Sanat, her zaman toplumun bir adım önünde olmalıdır. Yarınına yön verebilmesi için bugünün gerçekliğini kavraması ve kavratması gerekiyor. Dolayısıyla aydınlanmacı olmak zorunda.

‘Sanatın çıkış noktası yaşamdır.’ Der, Bertolt Brecht. Yaşamın sadece tüketimiyle ilişkilenmiş sanat eksiktir, tükenmeye mahkumdur.

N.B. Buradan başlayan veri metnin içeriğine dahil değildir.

(* Let $p\in k^\times$, $A_p=k\langle x_1,x_2\rangle/(x_2x_1-px_1x_2)$, and $K$ a Hopf algebra with bijective antipode $S$ such that $A_p$ is a right $K$-comodule algebra via $\rho(x_i)=x_1\otimes y_{1i}+x_2\otimes y_{2i}$, with homological codeterminant ${\sf D}$. Then $$S(y_{11})=y_{22}{\sf D}^{-1},\quad S(y_{12})=-p\,y_{12}{\sf D}^{-1},\quad S(y_{21})=-p^{-1}y_{21}{\sf D}^{-1},\quad S(y_{22})=y_{11}{\sf D}^{-1}.$$
   Context: The Ext-algebra of $A_p$ is $E=k\langle x_1^*,x_2^*\rangle/(x_2^*x_1^*+p^{-1}x_1^*x_2^*,(x_1^* )^2,(x_2^* )^2)$, a left $K$-comodule algebra via $\rho^!(x_i^* )=\sum_{s=1}^2y_{is}\otimes x_s^*$. The homological codeterminant is the grouplike ${\sf D}\in K$ with $\rho^!(x_1^*x_2^* )={\sf D}\otimes x_1^*x_2^*$. *)

(* Tensors of A (x) B are represented by finite lists of pure tensors
   s : seq (A * B), standing for \sum_(u <- s) u.1 (x) u.2; two such lists
   denote the same tensor iff they agree under every bilinear map (the
   universal property of the tensor product). *)
From HB Require Import structures.
From mathcomp Require Import all_boot all_order all_algebra.
Set Implicit Arguments. Unset Strict Implicit. Unset Printing Implicit Defensive.
Import Order.TTheory GRing.Theory Num.Theory.
Local Open Scope ring_scope.

Section Defs.
Variable k : fieldType.

Definition bilin (A B W : lmodType k) (f : A -> B -> W) : Prop :=
  (forall (c : k) a a' b, f (c *: a + a') b = c *: f a b + f a' b) /\
  (forall (c : k) a b b', f a (c *: b + b') = c *: f a b + f a b').

Definition trilin (A B C W : lmodType k) (f : A -> B -> C -> W) : Prop :=
  (forall (c : k) a a' b d, f (c *: a + a') b d = c *: f a b d + f a' b d) /\
  (forall (c : k) a b b' d, f a (c *: b + b') d = c *: f a b d + f a b' d) /\
  (forall (c : k) a b d d', f a b (c *: d + d') = c *: f a b d + f a b d').

Definition teq2 (A B : lmodType k) (s t : seq (A * B)) : Prop :=
  forall (W : lmodType k) (f : A -> B -> W), bilin f ->
    \sum_(u <- s) f u.1 u.2 = \sum_(u <- t) f u.1 u.2.

Definition teq3 (A B C : lmodType k) (s t : seq (A * B * C)) : Prop :=
  forall (W : lmodType k) (f : A -> B -> C -> W), trilin f ->
    \sum_(u <- s) f u.1.1 u.1.2 u.2 = \sum_(u <- t) f u.1.1 u.1.2 u.2.

Definition alg_hom (A B : algType k) (f : A -> B) : Prop :=
  (forall (c : k) a a', f (c *: a + a') = c *: f a + f a') /\
  (forall a a', f (a * a') = f a * f a') /\ f 1 = 1.

Definition is_hopf (K : algType k) (comul : K -> seq (K * K)) (eps : K -> k)
    (S : K -> K) : Prop :=
  (
   (forall (c : k) x y, teq2 (comul (c *: x + y))
       ([seq (c *: u.1, u.2) | u <- comul x] ++ comul y)) /\
   (forall x y, teq2 (comul (x * y))
       [seq (u.1 * v.1, u.2 * v.2) | u <- comul x, v <- comul y]) /\
   teq2 (comul 1) [:: (1, 1)]) /\
  (forall x, teq3 [seq (v.1, v.2, u.2) | u <- comul x, v <- comul u.1]
                  [seq (u.1, v.1, v.2) | u <- comul x, v <- comul u.2]) /\
  ((forall (c : k) x y, eps (c *: x + y) = c * eps x + eps y) /\
   (forall x y, eps (x * y) = eps x * eps y) /\ eps 1 = 1) /\
  (forall x, \sum_(u <- comul x) eps u.1 *: u.2 = x /\
             \sum_(u <- comul x) eps u.2 *: u.1 = x) /\
  (forall (c : k) x y, S (c *: x + y) = c *: S x + S y) /\
  (forall x, \sum_(u <- comul x) S u.1 * u.2 = eps x *: 1 /\
             \sum_(u <- comul x) u.1 * S u.2 = eps x *: 1).

Definition right_comod_alg (K : algType k) (comul : K -> seq (K * K))
    (eps : K -> k) (A : algType k) (rho : A -> seq (A * K)) : Prop :=
  [/\ (forall (c : k) a b, teq2 (rho (c *: a + b))
          ([seq (c *: u.1, u.2) | u <- rho a] ++ rho b)),
      (forall a b, teq2 (rho (a * b))
          [seq (u.1 * v.1, u.2 * v.2) | u <- rho a, v <- rho b]),
      teq2 (rho 1) [:: (1, 1)],
      (forall a, teq3 [seq (v.1, v.2, u.2) | u <- rho a, v <- rho u.1]
                      [seq (u.1, v.1, v.2) | u <- rho a, v <- comul u.2]) &
      (forall a, \sum_(u <- rho a) eps u.2 *: u.1 = a)].

Definition left_comod_alg (K : algType k) (comul : K -> seq (K * K))
    (eps : K -> k) (E : algType k) (lam : E -> seq (K * E)) : Prop :=
  [/\ (forall (c : k) a b, teq2 (lam (c *: a + b))
          ([seq (u.1, c *: u.2) | u <- lam a] ++ lam b)),
      (forall a b, teq2 (lam (a * b))
          [seq (u.1 * v.1, u.2 * v.2) | u <- lam a, v <- lam b]),
      teq2 (lam 1) [:: (1, 1)],
      (forall a, teq3 [seq (v.1, v.2, u.2) | u <- lam a, v <- comul u.1]
                      [seq (u.1, v.1, v.2) | u <- lam a, v <- lam u.2]) &
      (forall a, \sum_(u <- lam a) eps u.1 *: u.2 = a)].

Definition is_Ap (p : k) (A : algType k) (x1 x2 : A) : Prop :=
  x2 * x1 = p *: (x1 * x2) /\
  forall (B : algType k) (b1 b2 : B), b2 * b1 = p *: (b1 * b2) ->
    exists f : A -> B, [/\ alg_hom f, f x1 = b1, f x2 = b2 &
      forall g : A -> B, alg_hom g -> g x1 = b1 -> g x2 = b2 -> g =1 f].

Definition is_Ext_Ap (p : k) (E : algType k) (z1 z2 : E) : Prop :=
  [/\ z2 * z1 + p^-1 *: (z1 * z2) = 0, z1 * z1 = 0, z2 * z2 = 0 &
  forall (B : algType k) (b1 b2 : B),
    b2 * b1 + p^-1 *: (b1 * b2) = 0 -> b1 * b1 = 0 -> b2 * b2 = 0 ->
    exists f : E -> B, [/\ alg_hom f, f z1 = b1, f z2 = b2 &
      forall g : E -> B, alg_hom g -> g z1 = b1 -> g z2 = b2 -> g =1 f]].

Definition grouplike (K : algType k) (comul : K -> seq (K * K))
    (eps : K -> k) (g : K) : Prop :=
  teq2 (comul g) [:: (g, g)] /\ eps g = 1.

(* D is the homological codeterminant of the coaction with matrix (y_ij):
   the Ext-algebra E of A_p is a left K-comodule algebra via
   rho^!(z_i) = y_i1 (x) z_1 + y_i2 (x) z_2, and D is the grouplike with
   rho^!(z_1 z_2) = D (x) z_1 z_2. *)
Definition hom_codet (p : k) (K : algType k) (comul : K -> seq (K * K))
    (eps : K -> k) (y11 y12 y21 y22 D : K) : Prop :=
  exists (E : algType k) (z1 z2 : E) (lam : E -> seq (K * E)),
    [/\ is_Ext_Ap p z1 z2 /\ left_comod_alg comul eps lam,
        teq2 (lam z1) [:: (y11, z1); (y12, z2)],
        teq2 (lam z2) [:: (y21, z1); (y22, z2)],
        teq2 (lam (z1 * z2)) [:: (D, z1 * z2)] &
        grouplike comul eps D].

End Defs.

From mathcomp Require Import all_boot all_algebra.
Import GRing.Theory.
Local Open Scope ring_scope.
Set Implicit Arguments. Unset Strict Implicit. Unset Printing Implicit Defensive.

(* Let Y = (y_ij) be the coefficient matrix of the coaction
   and S(Y) = (S y_ij).  Only the Ext-algebra side of the hypotheses is
   needed: E = k<z1,z2>/(z2 z1 + p^-1 z1 z2, z1^2, z2^2) carries the left
   coaction lam(z_i) = y_i1 (x) z1 + y_i2 (x) z2, lam(z1 z2) = D (x) z1 z2.
   1. Tensors are only known through bilinear maps, so we read lam through
      linear forms phi on E: coef phi = (id (x) phi) o lam : E -> K.
      A concrete 4-dimensional representation of E supplies linear forms
      dual to z1, z2 and one detecting z1 z2 (ext_dual_forms).
   2. Coassociativity of lam composed with the antipode axiom gives
      S(Y) Y = 1 (antipode_left_inverse).
   3. The coefficients of z1^2 = 0, z2^2 = 0, z2 z1 = -p^-1 z1 z2 and
      z1 z2 give quantum-plane relations among the y_ij and the expansion
      D = y11 y22 - p^-1 y12 y21 (codet_relations).  D is grouplike, hence
      invertible with inverse S D (grouplike_unit), and these relations
      exhibit an explicit right inverse T of Y (qdet_right_inverse).
   4. A left inverse equals a right inverse, so S(Y) = T; reading off the
      entries is the theorem. *)

Section Mx2.
Variable R : pzRingType.

Definition mx2 (a b c d : R) : 'M[R]_2 :=
  \matrix_(i, j) if i == 0 :> nat then (if j == 0 :> nat then a else b)
                 else (if j == 0 :> nat then c else d).

Lemma mx2_mul a b c d a' b' c' d' :
  mx2 a b c d *m mx2 a' b' c' d' =
  mx2 (a * a' + b * c') (a * b' + b * d') (c * a' + d * c') (c * b' + d * d').
Proof.
apply/matrixP => i j; rewrite !mxE !big_ord_recl big_ord0 !mxE addr0 /=.
by case: i => [[|[|i]] ?]; case: j => [[|[|j]] ?].
Qed.

Lemma mx2_1 : mx2 1 0 0 1 = 1%:M.
Proof.
apply/matrixP => i j; rewrite !mxE.
by case: i => [[|[|i]] ?]; case: j => [[|[|j]] ?].
Qed.
Definition gamma_plus {R : rcfType} {H Hp : lmodType R[i]}
    (ipH : H -> H -> R[i]) (T Tstar : H -> H) (Gp : H * H -> Hp)
    (gp : R[i] -> Hp -> H * H) : Prop :=
  forall l : R[i], `|l| < 1 -> forall x, Nplus ipH T Tstar l (gp l x) /\ Gp (gp l x) = x.

Definition gamma_minus {R : rcfType} {H Hm : lmodType R[i]}
    (ipH : H -> H -> R[i]) (T Tstar : H -> H) (Gm : H * H -> Hm)
    (gm : R[i] -> Hm -> H * H) : Prop :=
  forall l : R[i], `|l| < 1 -> forall x, Nminus ipH T Tstar l (gm l x) /\ Gm (gm l x) = x.

Definition phi_plus {R : rcfType} {H Hp : lmodType R[i]} (gp : R[i] -> Hp -> H * H)
  (l : R[i]) (x : Hp) : H := (gp l x).1.
Definition phi_minus {R : rcfType} {H Hm : lmodType R[i]} (gm : R[i] -> Hm -> H * H)
  (l : R[i]) (x : Hm) : H := (gm l x).2.

From HB Require Import structures.
From mathcomp Require Import all_boot all_order all_algebra.
From mathcomp Require Import complex.
From mathcomp Require Import all_classical all_reals topology normedtype.
From mathcomp Require Import ring.
Import Order.TTheory GRing.Theory Num.Theory.
Import numFieldNormedType.Exports.
Local Open Scope ring_scope.
Local Open Scope classical_set_scope.

(* Parts (1)-(3) are the abstract Green identity
     [a, b] = i (Γ+ a, Γ+ b) - i (Γ- a, Γ- b)
   evaluated at a = γ±(λ) x and b = γ±(μ) y.  As a and b lie in the defect
   subspaces N_λ and N_μ, the Krein side is a scalar multiple of
   (φ±(λ) x, φ±(μ) y), while the boundary side is expressed through the Weyl
   function, since Γ- γ+(λ) = B(λ) and Γ+ γ-(λ) = B(λ̄)^*.
   For the limit in (3): when n ≠ λ the difference quotient equals
   (φ+(n) x, φ-(μ) y), so it suffices that φ+(n) x → φ+(λ) x as n → λ.  By (1),
   ‖φ+(n) x - φ+(λ) x‖² is bounded by 2‖x‖² times increments of the Szegő
   kernel (1 - a b̄)^-1, which tend to zero. *)

Section InnerProduct.
Context {R : rcfType} {V : lmodType R[i]} {ip : V -> V -> R[i]}.
Hypothesis hip : inner_product ip.

Lemma ipDl x y z : ip (x + y) z = ip x z + ip y z.
Proof. by case: hip. Qed.

Lemma ipZl a x y : ip (a *: x) y = a * ip x y.
Proof. by case: hip. Qed.

Lemma ipC x y : ip y x = (ip x y)^*.
Proof. by case: hip. Qed.

Lemma ip_ge0 x : 0 <= ip x x.
Proof. by case: hip. Qed.

Lemma ip_eq0 x : ip x x = 0 -> x = 0.
Proof. by case: hip => _ _ _ _; apply. Qed.

Lemma ipNl x y : ip (- x) y = - ip x y.
Proof. by rewrite -scaleN1r ipZl mulN1r. Qed.

Lemma ipBl x y z : ip (x - y) z = ip x z - ip y z.
Proof. by rewrite ipDl ipNl. Qed.

Lemma ipZr a x y : ip x (a *: y) = a^* * ip x y.
Proof. by rewrite !(ipC _ x) ipZl rmorphM. Qed.

Lemma ipBr x y z : ip x (y - z) = ip x y - ip x z.
Proof. by rewrite !(ipC _ x) ipBl rmorphB. Qed.

Lemma ip0r x : ip x 0 = 0.
Proof. by rewrite -(scale0r 0) ipZr conjC0 mul0r. Qed.

Lemma ip_inj x y : (forall z, ip x z = ip y z) -> x = y.
Proof.
move=> exy; apply/eqP; rewrite -subr_eq0; apply/eqP/ip_eq0.
by rewrite ipBl exy subrr.
Qed.

Lemma cauchy_schwarz x y : ip x y * (ip x y)^* <= ip x x * ip y y.
Proof.
have [/ip_eq0 ->|yn0] := eqVneq (ip y y) 0; first by rewrite !ip0r mul0r mulr0.
have ypos : 0 < ip y y by rewrite lt_def yn0 ip_ge0.
pose t := ip x y / ip y y.
have tc : t^* = (ip x y)^* / ip y y
  by rewrite /t rmorphM fmorphV; congr (_ * _^-1); exact: geC0_conj (ip_ge0 y).
have := ip_ge0 (x - t *: y).
rewrite !ipBl !ipBr !ipZl !ipZr (ipC x y) tc /t.
set a := ip x y; set b := ip y y; set c := ip x x.
have -> : c - a^* / b * a - (a / b * a^* - a / b * (a^* / b * b))
          = (c * b - a * a^*) / b by field.
by rewrite pmulr_lge0 ?invr_gt0 // subr_ge0.
Qed.

End InnerProduct.

Section Limits.
Context {K : numFieldType} {T : Type} {F : set_system T} {FF : Filter F}.

Lemma cvg_inv_1B (f : T -> K) (a : K) : 1 - a != 0 ->
  f t @[t --> F] --> a -> (1 - f t)^-1 @[t --> F] --> (1 - a)^-1.
Proof. by move=> a1 fa; apply: cvgV => //; apply: cvgB fa; exact: cvg_cst. Qed.

Lemma cvg_sqr_dominated (f g : T -> K) (L : K) :
  g t @[t --> F] --> 0 -> (\forall t \near F, `|f t - L| ^+ 2 <= g t) ->
  f t @[t --> F] --> L.
Proof.
move=> g0 fg; apply/cvgrPdist_lt => e e0.
have e20 : 0 < e ^+ 2 by rewrite exprn_gt0.
near=> t.
have fgt : `|f t - L| ^+ 2 <= g t by near: t.
have gt : `|g t| < e ^+ 2 by near: t; exact: cvgr0_norm_lt.
have gt_ge0 : 0 <= g t by apply: le_trans fgt; rewrite exprn_ge0.
rewrite (ger0_norm gt_ge0) in gt.
rewrite distrC -(@ltr_pXn2r _ 2 isT) ?nnegrE ?normr_ge0 ?(ltW e0).
exact: le_lt_trans fgt gt.
Unshelve. all: by end_near.
Qed.

End Limits.

Lemma near_unit_disc {K : numFieldType} (l : K) : `|l| < 1 -> \forall n \near l, `|n| < 1.
Proof.
move=> l1; apply/nbhs_normP; exists (1 - `|l|); first by rewrite /= subr_gt0.
move=> n /= ln; have := ler_normB l (l - n).
by rewrite opprB addrC subrK => /le_lt_trans; apply; rewrite -ltrBrDl.
Qed.

Lemma conjC_cvg {R : rcfType} {T : Type} {F : set_system T} {FF : Filter F}
    (f : T -> R[i]) (a : R[i]) :
  f t @[t --> F] --> a -> (f t)^* @[t --> F] --> a^*.
Proof.
move=> /cvgrPdist_lt fa; apply/cvgrPdist_lt => e e0.
by apply: filterS (fa e e0) => t; rewrite -rmorphB norm_conjC.
Qed.

Local Notation szego a b := (1 - a * b^*)^-1.

Lemma oneBM_neq0 {K : numDomainType} (a b : K) :
  `|a| < 1 -> `|b| < 1 -> 1 - a * b != 0.
Proof.
move=> a1 b1; rewrite subr_eq0; apply/eqP => ab1.
have : `|a * b| < 1 by rewrite normrM (le_lt_trans _ a1) // ler_piMr // ltW.
by rewrite -ab1 normr1 ltxx.
Qed.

Güncelin ve yaşamın sıradanlığını insan, sanatın büyüsüyle aşar. Sanatçı, dünü ve bugünü geleceğe taşıma yetisiyle, zamanın ileriye doğru önü alınmaz akışını duyurandır.

 

KAYNAKÇA

AFŞAR, Timuçin: Estetik,  İnsancıl Yayınları, İstanbul, 1998

HEIDEGGER, Martin: Nietzsche’nin Tanrı Öldü Sözü ve Dünya Resimleri Çağı, Asa Kitabevi, Bursa, 2001.

KUTSİYE, Bozoklar: Sanat ve Mücadele, Ceylan Yayıncılık, İstanbul, 1999.

MENGÜŞOĞLU, Takiyettin: Felsefeye Giriş, Remzi Kitabevi, İstanbul, 2000

ÖZTOPÇU, H. Avni: Doksanbeş – Doksanaltı Notları, H62, İstanbul, 2002.